Hora do almoço. Estavam só as duas, mãe e filha. E sem nenhuma introdução, a filha começa a conversa:
- Mãe! Todas as minhas amigas já perguntaram isso para a mãe delas e eu quero que você responda para mim também.
Sentindo o olharzinho meio sem jeito da filha adolescente, a mãe responde com calma.
- Claro filha! Mamãe é antes de tudo sua amiga. O que você quer peguntar?
- Você ia ficar brava comigo se um dia eu dissesse que dei um beijo em algum garoto?
A mãe engoliu em seco...
- Filha... - com a maior naturalidade possível - depende muito da situação. Se você me dissesse que beijou um garoto da escola porque ele é bonitinho, porque todo mundo beija, ou por uma razão assim meio "nada a ver", eu ia achar que não foi uma atitude legal. Mas se você contasse que beijou alguém de quem você já gosta, com quem você tem um relacionamento, daí é meio diferente...

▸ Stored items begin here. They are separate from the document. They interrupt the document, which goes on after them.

(* Let $X$ be a real Banach space with $\operatorname{dens} X \geq \omega_2$. Suppose that $X$ has a fundamental biorthogonal system. Then $X$ does not contain overcomplete subsets.
   Context: A biorthogonal system in $X$ is a family $\{x_\alpha; f_\alpha\}_{\alpha\in\Gamma} \subseteq X \times X^*$ with $\langle f_\alpha, x_\beta\rangle = \delta_{\alpha,\beta}$ for all $\alpha,\beta\in\Gamma$; it is fundamental if $\overline{\operatorname{span}}\{x_\alpha\}_{\alpha\in\Gamma} = X$. $\operatorname{dens}$ denotes the density character. A subset $S$ of a Banach space $X$ with $|S| = \operatorname{dens} X$ is called overcomplete if every subset $\Lambda \subseteq S$ with $|\Lambda| = |S|$ is linearly dense in $X$. *)

From HB Require Import structures.
From mathcomp Require Import all_boot all_order all_algebra.
From mathcomp Require Import all_classical all_reals all_analysis.
Set Implicit Arguments. Unset Strict Implicit. Unset Printing Implicit Defensive.
Import Order.TTheory GRing.Theory Num.Theory.
Import numFieldNormedType.Exports.
Local Open Scope classical_set_scope.
Local Open Scope ring_scope.
Local Open Scope card_scope.

Definition lspan (R : realType) (X : lmodType R) (A : set X) : set X :=
  [set x | exists (n : nat) (c : 'I_n -> R) (v : 'I_n -> X),
             (forall i, A (v i)) /\ x = \sum_(i < n) c i *: v i].

Definition linearly_dense (R : realType) (X : normedModType R) (A : set X) : Prop :=
  closure (lspan A) = setT.

Definition is_dual_elt (R : realType) (X : normedModType R) (f : X -> R) : Prop :=
  [/\ (forall u v : X, f (u + v) = f u + f v),
      (forall (a : R) (u : X), f (a *: u) = a * f u) &
      continuous f].

Definition has_fundamental_biorthogonal_system (R : realType)
    (X : normedModType R) : Prop :=
  exists (Gamma : Type) (x : Gamma -> X) (f : Gamma -> X -> R),
    [/\ (forall a, is_dual_elt (f a)),
        (forall a b, f a (x b) = if `[< a = b >] then 1 else 0) &
        linearly_dense (range x)].

(* |A| <= aleph_1, aleph_1 being the least uncountable cardinal:
   |A| is at most every uncountable cardinality. *)
Definition card_le_aleph1 (T : Type) (A : set T) : Prop :=
  forall (U : Type) (B : set U), ~ countable B -> A #<= B.

(* dens X >= omega_2, i.e. dens X > aleph_1: no dense subset has cardinality <= aleph_1. *)
Definition dens_ge_omega2 (T : topologicalType) : Prop :=
  forall D : set T, dense D -> ~ card_le_aleph1 D.

(* |S| = dens X, dens X being the least cardinality of a dense subset. *)
Definition card_eq_dens (T : topologicalType) (S : set T) : Prop :=
  (exists D : set T, dense D /\ S #= D) /\
  (forall D : set T, dense D -> S #<= D).

Definition overcomplete (R : realType) (X : normedModType R) (S : set X) : Prop :=
  card_eq_dens S /\
  (forall L : set X, L `<=` S -> L #= S -> linearly_dense L).

(* Let {x_a; f_a} be the biorthogonal system and S a set with |S| = dens X > aleph_1.
   Every s has countable support {a | f_a s <> 0}, since s is a limit of finite
   combinations of the x_a; and there are more than aleph_1 indices, since otherwise
   the rational combinations of the x_a would form a dense set of size aleph_1.
   A counting argument then gives an index a such that ker f_a contains |S| points
   of S.  When cf |S| > aleph_1 this holds for all but countably many a: aleph_1
   indices whose kernels meet S in fewer than |S| points would cover S.  In general
   S is covered by aleph_1 pieces, each dominated by a subset of S of successor
   cardinality, taken as a minimal initial segment in a well-order of S.  These |S|
   points of S lie in the proper closed subspace ker f_a, so S is not overcomplete.
   The cardinal arithmetic used (comparability, |A * A| = |A| for infinite A)
   comes from Zorn's lemma. *)

From mathcomp Require Import all_boot all_order all_algebra.
From mathcomp Require Import all_classical all_reals all_analysis.
From mathcomp Require Import wochoice.
Set Implicit Arguments. Unset Strict Implicit. Unset Printing Implicit Defensive.
Import Order.TTheory GRing.Theory Num.Theory.
Local Open Scope classical_set_scope.
Local Open Scope card_scope.
Section card_le_functions.
Variables (T U : Type) (A : set T) (B : set U).

Lemma card_le_fun (f : T -> U) : set_fun A B f -> set_inj A f -> A #<= B.
Proof.
move=> fAB fA; have [g] : $|{injfun A >-> B}| by apply/injfunPex; exists f.
exact: inj_card_le g.
Qed.

Lemma card_le_rel (G : T -> U -> Prop) :
  (forall a, A a -> exists2 b, B b & G a b) ->
  (forall a a' b, A a -> A a' -> G a b -> G a' b -> a = a') -> A #<= B.
Proof.
move=> GAB Ginj; have [[a0 Aa0]|/nonemptyPn->] := pselect (A !=set0); last exact: card_ge0.
have [b0 _ _] := GAB a0 Aa0.
have [f Pf] : {f : T -> U & forall a, A a -> B (f a) /\ G a (f a)}.
  apply: (@choice _ _ (fun a b => A a -> B b /\ G a b)) => a.
  have [Aa|] := pselect (A a); last by exists b0.
  by have [b Bb Gab] := GAB a Aa; exists b.
apply: (card_le_fun (f := f)) => [a /Pf[]//|a a' /set_mem Aa /set_mem Aa' faa'].
by apply: (Ginj _ _ (f a) Aa Aa'); [case: (Pf a Aa)|rewrite faa'; case: (Pf a' Aa')].
Qed.

Lemma card_le_funP (b0 : U) : A #<= B -> exists2 f : T -> U, set_fun A B f & set_inj A f.
Proof.
move=> /card_leP[g].
pose f x := if pselect (A x) is left Ax then val (g (SigSub (mem_set Ax))) else b0.
exists f => [x Ax|x y /set_mem Ax /set_mem Ay]; rewrite /f.
  by case: pselect => // Ax'; apply: set_valP.
case: pselect => // Ax'; case: pselect => // Ay' /val_inj/(@inj _ _ _ g).
by move=> /(_ (in_setT _) (in_setT _)) [].
Qed.

Lemma card_le_image_inj (f : T -> U) : set_inj A f -> A #<= f @` A.
Proof. by move/inj_card_eq; rewrite card_eq_le => /andP[]. Qed.

End card_le_functions.

Lemma bigcup_total_on2 T (F : set (set T)) x y : total_on F subset ->
  (\bigcup_(G in F) G) x -> (\bigcup_(G in F) G) y -> exists2 G, F G & G x /\ G y.
Proof.
move=> Ftot [G FG Gx] [G' FG' G'y].
have [GG'|G'G] := Ftot _ _ FG FG'; first by exists G' => //; split=> //; apply: GG'.
by exists G => //; split=> //; apply: G'G.
Qed.

Definition inj_graph T U (G : set (T * U)) :=
  (forall x y y', G (x, y) -> G (x, y') -> y = y') /\
  (forall x x' y, G (x, y) -> G (x', y) -> x = x').

Lemma inj_graph_bigcup T U (F : set (set (T * U))) :
  F `<=` @inj_graph T U -> total_on F subset -> inj_graph (\bigcup_(G in F) G).
Proof.
move=> Finj Ftot; split=> [x y y'|x x' y] Gxy Gxy'.
  have [G /Finj[Gfun _] [Gx Gx']] := bigcup_total_on2 Ftot Gxy Gxy'.
  exact: Gfun Gx Gx'.
have [G /Finj[_ Ginj] [Gx Gx']] := bigcup_total_on2 Ftot Gxy Gxy'.
exact: Ginj Gx Gx'.
Qed.

Lemma card_le_total T U (A : set T) (B : set U) : A #<= B \/ B #<= A.
Proof.
have [|M [[MAB [Mfun Minj]] Mmax]] :=
    @Zorn_bigcup _ [set G | G `<=` A `*` B /\ inj_graph G].
  move=> F FP Ftot /=; split; last by apply: inj_graph_bigcup Ftot => G /FP[].
  by move=> w [G /FP[GAB _] Gw]; apply: GAB.
have [domA|/existsNP[a /not_implyP[Aa aM]]] :=
    pselect (forall a, A a -> exists b, M (a, b)).
  left; apply: (card_le_rel (G := fun x y => M (x, y))) => [x /domA[y Mxy]|].
    by exists y => //; case: (MAB _ Mxy).
  by move=> x x' y _ _; apply: Minj.
have [domB|/existsNP[b /not_implyP[Bb bM]]] :=
    pselect (forall b, B b -> exists a, M (a, b)).
  right; apply: (card_le_rel (G := fun y x => M (x, y))) => [y /domB[x Mxy]|].
    by exists x => //; case: (MAB _ Mxy).
  by move=> y y' x _ _; apply: Mfun.
exfalso; apply: (Mmax (M `|` [set (a, b)])).
  split=> [w|]; first by left.
  by move=> /(_ (a, b) (or_intror erefl)) Mab; apply: aM; exists b.
split; first by move=> w [/MAB//|->].
split=> [x y y'|x x' y] [Mxy|[-> ->]] [Mxy'|[]] //; try by move=> -> ->.
- exact: Mfun Mxy Mxy'.
- by move=> ex _; exfalso; apply: aM; exists y; rewrite -ex.
- by exfalso; apply: aM; exists y'.
- exact: Minj Mxy Mxy'.
- by move=> _ ey; exfalso; apply: bM; exists x; rewrite -ey.
- by exfalso; apply: bM; exists x'.
Qed.

Lemma card_le_nonempty T U (A : set T) (B : set U) : A #<= B -> A !=set0 -> B !=set0.
Proof.
move=> AB [a Aa]; apply/set0P/negP => /eqP B0; move: AB; rewrite B0.
by move/card_le0P => A0; rewrite A0 in Aa.
Qed.

Lemma card_le_setX T T' U U' (A : set T) (A' : set T') (B : set U) (B' : set U') :
  A #<= A' -> B #<= B' -> A `*` B #<= A' `*` B'.
Proof.
move=> AA' BB'; have [[[a b] [Aa Bb]]|/nonemptyPn->] := pselect (A `*` B !=set0);
  last exact: card_ge0.
have [a' _] := card_le_nonempty AA' (ex_intro _ a Aa).
have [b' _] := card_le_nonempty BB' (ex_intro _ b Bb).
have [f fA finj] := card_le_funP a' AA'; have [g gB ginj] := card_le_funP b' BB'.
apply: (card_le_fun (f := fun p => (f p.1, g p.2))) => [[x y] [/fA ? /gB ?]//|].
move=> [x y] [x' y'] /set_mem[/= Ax By] /set_mem[/= Ax' By'] [].
by move=> /(finj _ _ (mem_set Ax) (mem_set Ax')) -> /(ginj _ _ (mem_set By) (mem_set By')) ->.
Qed.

A filha pareceu estimulada pela resposta da mãe.
- Mãe, mas e se não fosse assim, um beijo, mas fosse "tipo assim", só um selinho?
A mãe começa a desconfiar daquela conversa.
- Filha, o que houve na escola hoje?
- Nada mãe!
- Você beijou alguém na escola?
- NÃO mãe!!!!
- Então você viu alguém beijar alguém?
- Também não, mããããããe!
- Filha, e porque mesmo esse assunto agora, no meio do almoço?
- Ah... porque eu queria saber se caso acontecesse comigo, se você ia ficar brava. Assim, se fosse um selinho, e se fosse num menino legal, assim, que gosta de mim, e eu dele...
A mãe pensou antes de responder.
- Filha, você é tão novinha. Acho meio cedo! Mas se acontecer, eu quero que você me conte, porque eu quero que você saiba que pode conversar comigo sobre qualquer coisa, tá bom?
- Tá bom mãe! - e ela acrescentou um suspiro de alívio.
A mãe ficou olhando... e a filha disparou:
- Mãe, e se eu desse um selinho no Joãozinho? Você sabe que ele gosta de mim... Eu gosto dele...
- Filha, você beijou o Joãozinho?
Meio envergonhada, a menina abaixou a cabeça e falou mais baixinho:
- Foi só um selinho, mãe... Uma brincadeira! Nem foi bem um beijo de verdade...
E a mãe, querendo fazer cara de seriedade, olhou nos olhos da sua menininha, que estava com as faces ruborizadas. A pequena baixou os olhos, e a mãe só conseguiu dizer entre lágrimas:
- Meu bebê já está uma mocinha!
E ali nasceu um elo de cumplicidade entre mãe e filha que jamais poderia ser quebrado.